# Recommendations for free tax filing software for self employed for 2014-2016



## tsnbmm (Mar 27, 2018)

All the same or? 

Thank you


----------



## tsnbmm (Mar 27, 2018)

Or is it worth a few bucks for a paid one? Maybe it would be good to get familiar with the best choice and keep using it year after year.


----------



## Spudd (Oct 11, 2011)

SimpleTax.ca is excellent and free. But I suggest you donate if you are happy with it!


----------



## fatcat (Nov 11, 2009)

+1 for simple tax
they give a series of choices for donations, i usually give them ?20 but this year since $19 was a preselected choice i gave them $19
unlike all the big guys, simple tax is simple honest and straightforward


----------



## mustfirstregister (Feb 5, 2018)

I use simpletax and i donated 30/year each year.


----------



## tsnbmm (Mar 27, 2018)

Okay thanks a lot everyone.

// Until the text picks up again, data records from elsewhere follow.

Lemma sum_shape_row (g : 'I_n -> nat) :
  \sum_(c | in_shape la c) g c.1 = \sum_i la i * g i.
Proof.
rewrite sum_shape; apply: eq_bigr => i _.
rewrite -(big_ord_widen n (fun=> g i) (ltn_ord (la i))) -(big_mkord xpredT (fun=> g i)).
by rewrite sum_nat_const_nat subn0.
Qed.

Lemma ssyt_row_le t c : is_ssyt la t -> in_shape la c -> c.1 <= t c.
Proof.
case/andP=> _ /forallP t_col; case: c => i j.
elim: {i}(i : nat) {-2}i (erefl (i : nat)) => [|r IHr] i /= iE ij_shape; first by rewrite iE.
have ltrn : r < n by have := ltn_ord i; lia.
have rj_shape : in_shape la (Ordinal ltrn, j).
  by apply: leq_trans ij_shape (partition_nonincr _); rewrite iE.
have := t_col (Ordinal ltrn) => /forallP/(_ i)/forallP/(_ j)/implyP.
rewrite rj_shape ij_shape iE ltnSn => /(_ isT).
exact: leq_ltn_trans (IHr (Ordinal ltrn) erefl rj_shape).
Qed.

Lemma sum_tableau_mono t : \sum_i tableau_mono la t i = n.
Proof.
under eq_bigr do rewrite tableau_monoE; rewrite exchange_big /=.
transitivity (\sum_(y | in_shape la y) 1).
  apply: eq_bigr => y _; rewrite (bigD1 (t y)) //= eqxx big1 // => i.
  by rewrite eq_sym => /negbTE ->.
rewrite (sum_shape_row (fun=> 1)) -[RHS]partition_sum.
by apply: eq_bigr => i _; rewrite muln1.
Qed.

Section ThreeLetters.
Hypothesis n_gt2 : 2 < n.

Let r0 : 'I_n := Ordinal (ltnW (ltnW n_gt2)).
Let r1 : 'I_n := Ordinal (ltnW n_gt2).
Let r2 : 'I_n := Ordinal n_gt2.

Lemma ssyt_content3_dominated t a b c :
    is_ssyt la t -> content3 (tableau_mono la t) a b c ->
  [/\ forall r : 'I_n, 2 < r -> la r = 0 :> nat, a <= la r0 & a + b <= la r0 + la r1].
Proof.
move=> t_ssyt /(content3E n_gt2)[t0 t1 _ t_gt2].
have t_le2 x : in_shape la x -> t x <= 2.
  move=> x_shape; rewrite leqNgt; apply/negP => /t_gt2.
  by rewrite tableau_monoE (bigD1 x) //= eqxx.
have la_gt2 (r : 'I_n) : 2 < r -> la r = 0 :> nat.
  move=> lt2r; apply/eqP; rewrite -leqn0 leqNgt; apply/negP => r_shape.
  have r0_shape : in_shape la (r, r0) by [].
  by have := t_le2 _ r0_shape; have := ssyt_row_le t_ssyt r0_shape; rewrite /=; lia.
have sum_rows (g : 'I_n -> nat) :
    \sum_(x | in_shape la x) g x.1 = la r0 * g r0 + la r1 * g r1 + la r2 * g r2.
  by rewrite sum_shape_row (sum_three_letters n_gt2) // => i /la_gt2 ->.
split=> //.
- rewrite -t0 tableau_monoE.
  apply: leq_trans (_ : \sum_(x | in_shape la x) (x.1 <= 0) <= _).
    by apply: leq_sum => x x_shape; have := ssyt_row_le t_ssyt x_shape; rewrite -val_eqE /=; lia.
  by rewrite (sum_rows (fun i => i <= 0 : nat)) /=; lia.
- rewrite -t0 -t1 !tableau_monoE -big_split /=.
  apply: leq_trans (_ : \sum_(x | in_shape la x) (x.1 <= 1) <= _).
    by apply: leq_sum => x x_shape; have := ssyt_row_le t_ssyt x_shape; rewrite -!val_eqE /=; lia.
  by rewrite (sum_rows (fun i => i <= 1 : nat)) /=; lia.
Qed.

I'll take a look at Simpletax!


----------



## ian (Jun 18, 2016)

take a look at studio tax as well.


----------



## AltaRed (Jun 8, 2009)

ian said:


> take a look at studio tax as well.


Indeed. Studio Tax resides on one's computer whereas Simple Tax is online (as I understand it).


----------



## agent99 (Sep 11, 2013)

I use Studio Tax. It doesn't do much in the way of hand holding like perhaps TurboTax may do, but it is more than adequate for my needs. I used to use TaxFreeway and it worked fine too. It's $9.95, so that is what I donate to Studio Tax. Both reside on computer.


----------



## Just a Guy (Mar 27, 2012)

Funny thing is, people always complain that "the rich" get all these tax breaks, yet "the rich" all tend to use accountants (not the H&R block types either) and the working class all look to spend as little as possible to minimize the taxes they'll pay by either doing it themselves or finding free solutions or cheap software.

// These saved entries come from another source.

(* Let $\Sigma=(\mathbb{N}_0,X,U,\mathscr{U},\phi)$ be a control system as in the standing setup and let $Q\subset X$ be a nonempty compact set. Then $Q$ is finitely equi-invariant in the mean if and only if $Q$ has bounded invariance complexity in the mean.
   Context: Standing setup: $(X,d)$ is a metric space, $U$ is a compact metric space, and $F:X\times U\to X$ is a map such that $F_u:=F(\cdot,u)$ is continuous for every $u\in U$. Let $\mathscr U=U^{\mathbb N_0}$ with the product topology. For $\omega=(\omega_0,\omega_1,\dots)\in\mathscr U$, $x\in X$, set $\phi(0,x,\omega)=x$ and $\phi(k,x,\omega)=F_{\omega_{k-1}}\circ\cdots\circ F_{\omega_0}(x)$ for $k\ge1$. It is assumed that $\phi:\mathbb N_0\times X\times\mathscr U\to X$ is continuous. Notation: $\mathbb N=\{1,2,\dots\}$; $B(x,\delta)$ is the open ball; $d(y,Q)=\inf_{q\in Q}d(y,q)$. Finite equi-invariance in the mean: a point $x\in Q$ is a finitely equi-invariant point in the mean of $Q$ if for every $\varepsilon>0$ there exist $\delta>0$ and a finite set $F\subset\mathscr U$ such that for every $y\in B(x,\delta)\cap Q$ there is $\omega\in F$ with $\frac1n\sum_{i=0}^{n-1}d(\phi(i,y,\omega),Q)<\varepsilon$ for all $n\in\mathbb N$. $Q$ is finitely equi-invariant in the mean if every point of $Q$ is such a point. Invariance complexity in the mean: for $\omega\in\mathscr U$, $n\in\mathbb N$, $\varepsilon>0$ let $\hat Q^\varepsilon_{n,\omega}=\{x\in Q:\max_{1\le k\le n}\frac1k\sum_{i=0}^{k-1}d(\phi(i,x,\omega),Q)<\varepsilon\}$. A set $F\subset\mathscr U$ is $(n,\varepsilon,Q)$-spanning in the mean if $Q=\bigcup_{\omega\in F}\hat Q^\varepsilon_{n,\omega}$, and $\hat r_{inv}(n,\varepsilon,Q)$ is the minimal cardinality of such a set ($=\infty$ if none exists). $Q$ has bounded invariance complexity in the mean if for every $\varepsilon>0$ there is $C>0$ with $\hat r_{inv}(n,\varepsilon,Q)\le C$ for all $n\in\mathbb N$. *)

From HB Require Import structures.
From mathcomp Require Import all_boot all_order all_algebra.
From mathcomp Require Import all_classical all_reals all_analysis.
From mathcomp Require Import finmap.
Set Implicit Arguments. Unset Strict Implicit. Unset Printing Implicit Defensive.
Import Order.TTheory GRing.Theory Num.Theory.
Local Open Scope classical_set_scope.
Local Open Scope ring_scope.

Definition controls (U : Type) := {ptws nat -> U}.

Definition is_metric_of {R : realType} {X : pseudoMetricType R}
    (d : X -> X -> R) : Prop :=
  [/\ (forall x y, 0 <= d x y),
      (forall x y, d x y = 0 <-> x = y),
      (forall x y, d x y = d y x),
      (forall x y z, d x z <= d x y + d y z) &
      (forall x (e : R), ball x e = [set y | d x y < e])].

Fixpoint phi {X U : Type} (F : X -> U -> X) (k : nat) (x : X) (w : controls U)
    : X :=
  match k with
  | 0 => x
  | k'.+1 => F (phi F k' x w) (w k')
  end.

Definition dist_set {R : realType} {X : Type} (d : X -> X -> R) (y : X)
    (Q : set X) : R :=
  inf [set d y q | q in Q].

Definition mean_dist {R : realType} {X : Type} {U : choiceType} (d : X -> X -> R)
    (F : X -> U -> X) (Q : set X) (n : nat) (y : X) (w : controls U) : R :=
  n%:R^-1 * \sum_(i < n) dist_set d (phi F i y w) Q.

Definition fin_equi_inv_point_mean {R : realType} {X : Type} {U : choiceType}
    (d : X -> X -> R) (F : X -> U -> X) (Q : set X) (x : X) : Prop :=
  forall eps : R, 0 < eps ->
    exists delta : R, 0 < delta /\
    exists Fs : {fset controls U},
      forall y, Q y -> d x y < delta ->
        exists2 w, w \in Fs &
          forall n : nat, (1 <= n)%N -> mean_dist d F Q n y w < eps.

Definition fin_equi_inv_mean {R : realType} {X : Type} {U : choiceType}
    (d : X -> X -> R) (F : X -> U -> X) (Q : set X) : Prop :=
  forall x, Q x -> fin_equi_inv_point_mean d F Q x.

Definition Qhat {R : realType} {X : Type} {U : choiceType} (d : X -> X -> R)
    (F : X -> U -> X) (Q : set X) (n : nat) (eps : R) (w : controls U)
    : set X :=
  [set x | Q x /\
    forall k : nat, (1 <= k <= n)%N -> mean_dist d F Q k x w < eps].

Definition spanning_mean {R : realType} {X : Type} {U : choiceType} (d : X -> X -> R)
    (F : X -> U -> X) (Q : set X) (n : nat) (eps : R) (S : set (controls U))
    : Prop :=
  Q = \bigcup_(w in S) Qhat d F Q n eps w.

(** \hat r_inv(n, eps, Q): the minimal cardinality of a spanning set, +oo if
    there is none (an infinite spanning set has infinite cardinality, so only
    finite ones matter for the minimum; inf of the empty set is +oo). *)
Definition r_inv_mean {R : realType} {X : Type} {U : choiceType} (d : X -> X -> R)
    (F : X -> U -> X) (Q : set X) (n : nat) (eps : R) : \bar R :=
  ereal_inf [set (((#|` S |)%fset)%:R)%:E | S in
               [set S : {fset controls U} |
                  spanning_mean d F Q n eps [set` S]%fset]].

Definition bounded_inv_complexity_mean {R : realType} {X : Type} {U : choiceType}
    (d : X -> X -> R) (F : X -> U -> X) (Q : set X) : Prop :=
  forall eps : R, 0 < eps ->
    exists C : R, 0 < C /\
      forall n : nat, (1 <= n)%N -> (r_inv_mean d F Q n eps <= C%:E)%E.

From HB Require Import structures.
From mathcomp Require Import all_boot all_order all_algebra.
From mathcomp Require Import all_classical all_reals all_analysis.
From mathcomp Require Import finmap.
From mathcomp Require Import lra.
Import Order.TTheory GRing.Theory Num.Theory numFieldNormedType.Exports.
Local Open Scope classical_set_scope.
Local Open Scope ring_scope.
Set Implicit Arguments. Unset Strict Implicit. Unset Printing Implicit Defensive.

(* Both conditions are shown equivalent to an intermediate one: for every
   eps > 0 there is a finite set Fs of controls such that every y in Q has a
   control w in Fs with (1/n) sum_{i<n} d(phi(i,y,w), Q) < eps for ALL n >= 1
   ("Fs is eps-uniform", [uniform_controls]).
   - A uniform Fs is (n, eps, Q)-spanning for every n, so it bounds the
     invariance complexity, and it trivially witnesses finite
     equi-invariance at every point.
   - Finite equi-invariance gives a uniform Fs by compactness of Q: cover Q
     by the finitely many balls attached to its points and take the union of
     the attached finite sets of controls.
   - Bounded complexity (size <= M) gives a uniform Fs by a diagonal
     compactness argument: the n-th spanning set is stored as the first M
     columns of a "table" in the compact space U^(N x N); a cluster point of
     these tables has M columns, one of which, for every y in Q, works for
     every horizon n (pigeonhole over the M columns). *)

(* Compactness in terms of open covers, for any nonempty set (the library
   states it only for pointed spaces). *)
Lemma compact_cover_compact (T : topologicalType) (A : set T) :
  compact A -> A !=set0 -> cover_compact A.
Proof.
move=> cA [a _].
pose Ta : ptopologicalType := HB.pack T (isPointed.Build T a).
have cTa : @compact Ta A := cA.
by rewrite compact_cover in cTa.
Qed.

(* In a compact space, if a sequence eventually enters each closed set of a
   countable family, then the family has a common point (any cluster point
   of the sequence). *)
Lemma compact_cluster_of_eventually (T : topologicalType) (x : nat -> T)
    (L : nat -> set T) :
  compact [set: T] -> (forall n, closed (L n)) ->
  (forall n, \forall m \near \oo, L n (x m)) ->
  exists G, forall n, L n G.
Proof.
move=> cT clL evL.
have [G [_ clusterG]] := cT (x @ \oo) (fmap_proper_filter _ _) filterT.
exists G => n; apply: clL.
by move: clusterG; rewrite clusterE; apply; exact: evL.
Qed.

Lemma uniform_index_pigeonhole (I : finType) (P : I -> nat -> Prop) :
  (forall n, exists i, forall k, (k <= n)%N -> P i k) ->
  exists i, forall k, P i k.
Proof.
move=> Pn; apply: contrapT => noi.
have /choice[K notPK] : forall i, exists k, ~ P i k.
  move=> i; apply: contrapT => allP; apply: noi; exists i => k.
  by apply: contrapT => notP; apply: allP; exists k.
have [i Pi] := Pn (\max_i K i).
exact: notPK i (Pi _ (leq_bigmax i)).
Qed.

Section MetricDistance.
Variables (R : realType) (X : pseudoMetricType R) (d : X -> X -> R).
Hypothesis d_metric : is_metric_of d.

Lemma open_dball x r : open [set y | d x y < r].
Proof.
case: d_metric => _ _ _ dtri dball; rewrite openE => z /= xz.
have r_gt0 : 0 < r - d x z by rewrite subr_gt0.
apply: filterS (nbhsx_ballx z _ r_gt0) => y; rewrite dball /= => zy.
by apply: le_lt_trans (dtri x z y) _; rewrite -ltrBrDl.
Qed.

Lemma dist_set_le (Q : set X) y z :
  Q !=set0 -> dist_set d y Q <= d y z + dist_set d z Q.
Proof.
case: d_metric => d_ge0 _ _ dtri _ [q0 Qq0].
rewrite -lerBlDl; apply: lb_le_inf; first by exists (d z q0), q0.
move=> _ [q Qq <-]; rewrite lerBlDl.
apply: le_trans (dtri y z q); apply: ge_inf; last by exists q.
by exists 0 => _ [p _ <-].
Qed.

Lemma dist_set_continuous (Q : set X) :
  Q !=set0 -> continuous (fun y : X => dist_set d y Q).
Proof.
move=> Q0 y; apply/cvgrPdist_lt => e e_gt0.
case: d_metric => _ _ dsym _ dball.
apply: filterS (nbhsx_ballx y _ e_gt0) => z; rewrite dball /= => yz.
have := dist_set_le y z Q0; have := dist_set_le z y Q0.
by rewrite dsym ltr_norml => *; apply/andP; split; lra.
Qed.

Kind of makes you scratch your head a bit. I always thought you'd want to emulate those who were more successful than yourself...


----------



## Joe Black (Aug 3, 2015)

Just a Guy said:


> Funny thing is, people always complain that "the rich" get all these tax breaks, yet "the rich" all tend to use accountants (not the H&R block types either) and the working class all look to spend as little as possible to minimize the taxes they'll pay by either doing it themselves or finding free solutions or cheap software.
> 
> Kind of makes you scratch your head a bit. I always thought you'd want to emulate those who were more successful than yourself...


If all you have is a single T-4 and _maybe_ some RRSP contributions, I don't see what an accountant can get for you that the "cheap software" wouldn't find, certainly nothing that could offset their fees. Even self-empoyed often have rather simple taxes that can be easily done in a couple hours on SimpleTax or similar platforms.


----------



## Just a Guy (Mar 27, 2012)

You know this, of course, from experience and you're not just assuming this correct?

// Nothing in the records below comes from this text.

Lemma inT_act p q n m k A x : inT p q n m x -> inT p q n m (act k A x).
Proof.
  intros (H1&H2&H3&H4&H5&H6); unfold inT, act; simpl; repeat split; intros.
  - rewrite actmat_transpose; apply actmat_ext; intros; apply H1; auto.
  - rewrite (actmat_ext _ _ _ (fun _ _ => C0)); [apply actmat_zero | intros; apply H2; auto].
  - rewrite actmat_transpose, <- actmat_opp; apply actmat_ext; intros; apply H3; auto.
  - rewrite (actmat_ext _ _ _ (fun _ _ => C0)); [apply actmat_zero | intros; apply H4; auto].
  - rewrite (actvec_ext _ _ _ (fun _ => C0)); [apply actvec_zero | intros; apply H5; auto].
  - apply H6; auto.
Qed.

Definition zero_mx : nat -> nat -> C := fun _ _ => C0.

Definition Msub (M N : nat -> nat -> C) : nat -> nat -> C := fun i j => Csub (M i j) (N i j).

Definition outer (r : nat) (U V : nat -> nat -> C) : nat -> nat -> C :=
  fun i j => Csum r (fun l => Cmul (U l i) (V l j)).

Definition lincomb (s : nat) (lam : nat -> C) (Ms : nat -> nat -> nat -> C) : nat -> nat -> C :=
  fun i j => Csum s (fun k => Cmul (lam k) (Ms k i j)).

Lemma actmat_Msub k A M N i j :
  actmat k A (Msub M N) i j = Msub (actmat k A M) (actmat k A N) i j.
Proof. unfold Msub, Csub. rewrite actmat_add, actmat_opp. reflexivity. Qed.

Lemma actmat_outer k A r U V i j :
  actmat k A (outer r U V) i j = outer r (fun l => actvec k A (U l)) (fun l => actvec k A (V l)) i j.
Proof.
  unfold actmat, outer.
  rewrite (actvec_ext k A _ (fun b => Csum r (fun l => Cmul (actvec k A (U l) i) (V l b)))).
  - rewrite actvec_Csum. apply Csum_ext; intros. apply actvec_scal.
  - intros b. rewrite actvec_Csum. apply Csum_ext; intros. apply actvec_scal_r.
Qed.

Lemma actmat_lincomb k A s lam Ms i j :
  actmat k A (lincomb s lam Ms) i j = lincomb s lam (fun c => actmat k A (Ms c)) i j.
Proof.
  unfold lincomb. rewrite actmat_Csum. apply Csum_ext; intros. apply actmat_scal.
Qed.

(* The flag [b] selects symmetric ([false], x_sym) or skew-symmetric ([true],
   x_alt) matrices; [msym b] is the sign relating [M i j] to [M j i]. *)
Definition msym (b : bool) (a : C) : C := if b then Copp a else a.

Definition msymmetric (b : bool) (M : nat -> nat -> C) : Prop :=
  forall i j, M i j = msym b (M j i).

Definition tuple_ok (b : bool) (s : nat) (Ms : nat -> nat -> nat -> C) : Prop :=
  (forall k i j, (k < s)%nat -> Ms k i j = msym b (Ms k j i)) /\
  (forall k i j, (s <= k)%nat -> Ms k i j = C0).

Lemma msymmetric_Msub b M N :
  msymmetric b M -> msymmetric b N -> msymmetric b (Msub M N).
Proof. unfold msymmetric, Msub, Csub, msym; intros HM HN i j; rewrite HM, HN; destruct b; ring. Qed.

Lemma msymmetric_lincomb b s lam Ms :
  tuple_ok b s Ms -> msymmetric b (lincomb s lam Ms).
Proof.
  intros [HMs _] i j. unfold lincomb, msym.
  rewrite (Csum_ext s _ (fun k => Cmul (lam k) (msym b (Ms k j i)))) by (intros; rewrite HMs; auto).
  unfold msym; destruct b; [|reflexivity].
  rewrite (Csum_ext s _ (fun k => Cmul (Copp C1) (Cmul (lam k) (Ms k j i)))) by (intros; ring).
  rewrite Csum_scal; ring.
Qed.

Lemma msymmetric_actmat b k A M : msymmetric b M -> msymmetric b (actmat k A M).
Proof.
  intros HM i j. rewrite (actmat_transpose k A M j i). unfold msym; destruct b.
  - rewrite <- actmat_opp. apply actmat_ext; intros a c. apply HM.
  - apply actmat_ext; intros a c. apply HM.
Qed.

Lemma span_dim_le_mono P v r r' :
  (r <= r')%nat -> span_dim_le P v r -> span_dim_le P v r'.
Proof.
  intros Hr [U HU]. exists U. intros k Hk. destruct (HU k Hk) as [c Hc].
  exists (fun l => if Nat.ltb l r then c l else C0). intros i. rewrite Hc.
  replace r' with (r + (r' - r))%nat by lia. rewrite Csum_pad.
  - apply Csum_ext; intros l Hl. destruct (Nat.ltb_spec l r); [reflexivity | lia].
  - intros l Hl. destruct (Nat.ltb_spec l r); [lia | ring].
Qed.

Lemma mat_rank_le_outer r U V : mat_rank_le (outer r U V) r.
Proof.
  exists U. intros j _. exists (fun l => V l j). intros i. apply Csum_ext; intros; ring.
Qed.

Lemma mat_rank_le_outer_inv M r :
  mat_rank_le M r -> exists U V, forall i j, M i j = outer r U V i j.
Proof.
  intros [U HU].
  destruct (choice (fun j c => forall i, M i j = Csum r (fun l => Cmul (c l) (U l i))))
    as [c Hc].
  { intros j. exact (HU j I). }
  exists U, (fun l j => c j l). intros i j. rewrite Hc. apply Csum_ext; intros; ring.
Qed.

Lemma tuple_rank_le_outer s Ms r :
  tuple_rank_le s Ms r <->
  exists lam k0 U V, (k0 < s)%nat /\ lam k0 <> C0 /\
    forall i j, lincomb s lam Ms i j = outer r U V i j.
Proof.
  split.
  - intros [lam [[k0 [Hk0 Hl]] HM]]. destruct (mat_rank_le_outer_inv _ _ HM) as [U [V HUV]].
    exists lam, k0, U, V. auto.
  - intros [lam [k0 [U [V [Hk0 [Hl HUV]]]]]]. exists lam. split; [eauto|].
    replace (fun i j => Csum s (fun k => Cmul (lam k) (Ms k i j))) with (outer r U V)
      by (extensionality i; extensionality j; symmetry; apply HUV).
    apply mat_rank_le_outer.
Qed.

Lemma tuple_rank_le_0 Ms r : ~ tuple_rank_le 0 Ms r.
Proof. intros [_ [[k [Hk _]] _]]. lia. Qed.

Definition polyfun (h : pt -> C) : Prop := exists g : poly, forall y, eval g y = h y.

Definition polymap (f : pt -> pt) : Prop := forall v, polyfun (fun y => eval_coord v (f y)).

Definition zclosed (Z : pt -> Prop) : Prop :=
  exists S : poly -> Prop, forall x, Z x <-> forall g, S g -> eval g x = C0.

Definition equivariant (f : pt -> pt) : Prop :=
  forall k A y, invertible k A -> f (act k A y) = act k A (f y).

Definition image (f : pt -> pt) (Y : pt -> Prop) (x : pt) : Prop :=
  exists y, Y y /\ f y = x.

Lemma polyfun_const c : polyfun (fun _ => c).
Proof. exists (PConst c). reflexivity. Qed.

Lemma polyfun_coord v : polyfun (eval_coord v).
Proof. exists (PVar v). reflexivity. Qed.

Lemma polyfun_add h h' : polyfun h -> polyfun h' -> polyfun (fun y => Cadd (h y) (h' y)).
Proof. intros [g Hg] [g' Hg']. exists (PAdd g g'). intros y. simpl. rewrite Hg, Hg'. reflexivity. Qed.

Lemma polyfun_mul h h' : polyfun h -> polyfun h' -> polyfun (fun y => Cmul (h y) (h' y)).
Proof. intros [g Hg] [g' Hg']. exists (PMul g g'). intros y. simpl. rewrite Hg, Hg'. reflexivity. Qed.

Lemma polyfun_opp h : polyfun h -> polyfun (fun y => Copp (h y)).
Proof.
  intros [g Hg]. exists (PMul (PConst (Copp C1)) g). intros y. simpl. rewrite Hg. ring.
Qed.

Lemma polyfun_Csum r (h : nat -> pt -> C) :
  (forall l, polyfun (h l)) -> polyfun (fun y => Csum r (fun l => h l y)).
Proof.
  intros Hh. induction r; simpl; [apply polyfun_const|]. apply polyfun_add; auto.
Qed.

Lemma polymap_id : polymap (fun y => y).
Proof. intros v. apply polyfun_coord. Qed.

Fixpoint psubst (sg : coord -> poly) (g : poly) : poly :=
  match g with
  | PConst c => PConst c
  | PVar v => sg v
  | PAdd g1 g2 => PAdd (psubst sg g1) (psubst sg g2)
  | PMul g1 g2 => PMul (psubst sg g1) (psubst sg g2)
  end.

Lemma eval_psubst sg g y z :
  (forall v, eval (sg v) y = eval_coord v z) -> eval (psubst sg g) y = eval g z.
Proof. intros H; induction g; simpl; auto; rewrite IHg1, IHg2; auto. Qed.

Lemma zclosed_preimage Z f : polymap f -> zclosed Z -> zclosed (fun y => Z (f y)).
Proof.
  intros Hf [S HS].
  destruct (choice (fun v g => forall y, eval g y = eval_coord v (f y)) Hf) as [sg Hsg].
  exists (fun h => exists g, S g /\ h = psubst sg g). intros y. rewrite HS. split.
  - intros H h [g [Hg ->]]. rewrite (eval_psubst sg g y (f y)) by auto. auto.
  - intros H g Hg. rewrite <- (eval_psubst sg g y (f y)) by auto. apply H. eauto.
Qed.

Lemma zclosed_eq h h' : polyfun h -> polyfun h' -> zclosed (fun x => h x = h' x).
Proof.
  intros [g Hg] [g' Hg'].
  exists (fun g0 => g0 = PAdd g (PMul (PConst (Copp C1)) g')). intros x. split.
  - intros E g0 ->. simpl. rewrite Hg, Hg', E. ring.
  - intros H. apply Csub_eq0. rewrite <- Hg, <- Hg'. unfold Csub.
    rewrite <- (H _ eq_refl). simpl. ring.
Qed.

Lemma zclosed_forall (I : Type) (Z : I -> pt -> Prop) :
  (forall i, zclosed (Z i)) -> zclosed (fun x => forall i, Z i x).
Proof.
  intros HZ. destruct (choice _ HZ) as [S HS].
  exists (fun g => exists i, S i g). intros x. split.
  - intros H g [i Hg]. apply (HS i); auto.
  - intros H i. apply HS. intros g Hg. apply H. eauto.
Qed.

Lemma zclosed_and Z1 Z2 : zclosed Z1 -> zclosed Z2 -> zclosed (fun x => Z1 x /\ Z2 x).
Proof.
  intros [S1 H1] [S2 H2]. exists (fun g => S1 g \/ S2 g). intros x. rewrite H1, H2.
  split; [intros [Ha Hb] g [Hg|Hg]; auto | intros H; split; auto].
Qed.

Lemma closed_in_iff Y Z :
  closed_in Y Z <-> exists Zc, zclosed Zc /\ forall x, Z x <-> Y x /\ Zc x.
Proof.
  split.
  - intros [S HS]. exists (fun x => forall g, S g -> eval g x = C0).
    split; [exists S; reflexivity | exact HS].
  - intros [Zc [[S HS] HZ]]. exists S. intros x. rewrite HZ, HS. reflexivity.
Qed.

Lemma closed_in_sub Y Z x : closed_in Y Z -> Z x -> Y x.
Proof. intros [S HS] Hx. apply HS in Hx. tauto. Qed.

Lemma closed_in_preimage Y Y' Z f :
  polymap f -> (forall y, Y' y -> Y (f y)) -> closed_in Y Z ->
  closed_in Y' (fun y => Y' y /\ Z (f y)).
Proof.
  intros Hf HY HZ. apply closed_in_iff in HZ as [Zc [HZc HZ]]. apply closed_in_iff.
  exists (fun y => Zc (f y)). split; [apply zclosed_preimage; auto|].
  intros y. rewrite HZ. split; [tauto|]. intros [Hy Hz]. auto.
Qed.

Lemma Gstable_preimage Y Z f :
  equivariant f -> Gstable Y -> Gstable Z -> Gstable (fun y => Y y /\ Z (f y)).
Proof.
  intros Hf HY HZ k A HA y [Hy Hz]. split; [auto|]. rewrite Hf by auto. auto.
Qed.

Lemma Gstable_image Y f : equivariant f -> Gstable Y -> Gstable (image f Y).
Proof.
  intros Hf HY k A HA x [y [Hy <-]]. exists (act k A y). split; auto.
Qed.

Definition Gchain (Y : pt -> Prop) (Ch : nat -> pt -> Prop) : Prop :=
  (forall i, closed_in Y (Ch i) /\ Gstable (Ch i)) /\ (forall i x, Ch (S i) x -> Ch i x).

Definition stabilizes (Ch : nat -> pt -> Prop) : Prop :=
  exists N, forall i, (N <= i)%nat -> forall x, Ch i x -> Ch (S i) x.

Lemma chain_antitone (Ch : nat -> pt -> Prop) :
  (forall i x, Ch (S i) x -> Ch i x) -> forall i j x, (i <= j)%nat -> Ch j x -> Ch i x.
Proof. intros Hd i j x Hij. induction Hij; auto. Qed.

Lemma GNoetherian_iff Y : GNoetherian Y <-> forall Ch, Gchain Y Ch -> stabilizes Ch.
Proof.
  split.
  - intros HN Ch [Hc Hd]. apply NNPP. intros Hns.
    assert (Hdrop : forall N, exists i, (N < i)%nat /\ exists x, Ch N x /\ ~ Ch i x).
    { intros N. apply NNPP. intros H0. apply Hns. exists N. intros i Hi x Hx.
      apply NNPP. intros H1. apply H0. exists (S i). split; [lia|].
      exists x. split; [exact (chain_antitone Ch Hd N i x Hi Hx) | auto]. }
    destruct (choice _ Hdrop) as [next Hnext].
    set (h := fix h s := match s with O => O | S s' => next (h s') end).
    apply HN. exists (fun s => Ch (h s)). split; [intros; apply Hc|].
    intros s. simpl. destruct (Hnext (h s)) as [Hlt [x [Hx1 Hx2]]]. split.
    + intros y. apply chain_antitone; auto. lia.
    + exists x. auto.
  - intros H [Ch [Hc Hd]]. destruct (H Ch) as [N HN]; [split; [auto | apply Hd]|].
    destruct (Hd N) as [_ [x [Hx Hnx]]]. apply Hnx, (HN N); auto.
Qed.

I often spent time with my accountant discussing options I could do the next year which may be tax advantageous to me, investments I may make, techniques I'm considering employing...

Of course, if all you want to do is maintain the status quo, then you may be right. Getting a job and going to work rarely makes anyone wealthy, so let's all keep doing that and then complain about it.


----------



## Eclectic12 (Oct 20, 2010)

tsnbmm said:


> All the same or?
> ... Or is it worth a few bucks for a paid one?
> 
> Maybe it would be good to get familiar with the best choice and keep using it year after year.


It doesn't sound like you are familiar with the deductions available to someone self-employed so I suspect learning what is available and the software is likely to mean missing deductions etc.

I'd say find a good accountant for this round, learn the software and then decide how to proceed for future returns.


Cheers


----------



## Eclectic12 (Oct 20, 2010)

Just a Guy said:


> Joe Black said:
> 
> 
> > If all you have is a single T-4 and _maybe_ some RRSP contributions, I don't see what an accountant can get for you that the "cheap software" wouldn't find, certainly nothing that could offset their fees. Even self-empoyed often have rather simple taxes that can be easily done in a couple hours on SimpleTax or similar platforms.
> ...


For some of my relatives ... this is correct, while for others - this is incorrect.

For yet others, a T-4 plus a single RRSP contribution/deduction was not being filed correctly.

IMO ... YMMV.




Just a Guy said:


> ... I often spent time with my accountant discussing options I could do the next year which may be tax advantageous to me, investments I may make, techniques I'm considering employing...


Which shows you are getting full value as well as proactive ... sadly others skip this with their accountant.


Cheers


Cheers


----------



## OnlyMyOpinion (Sep 1, 2013)

I ran into a tax accountant this year who had done someone's 2016 taxes wrong in spite of tax slips. My conclusion was that they had come to depend on the previous year's returns as their 'guidance', plus they get busy in April. So when a T5008 came along that they hadn't encountered in previous years they just ignored it. I submitted a reassessment for the capital gains and now do their taxes myself.


----------



## Just a Guy (Mar 27, 2012)

There are good accountants and there are bad accountants. Like most things you have to do some <gasp> work. I realize work is a four letter word and our parents always discouraged kids from doing four letter words, so maybe let's call it research.


----------



## OnlyMyOpinion (Sep 1, 2013)

Just a Guy said:


> There are good accountants and there are bad accountants...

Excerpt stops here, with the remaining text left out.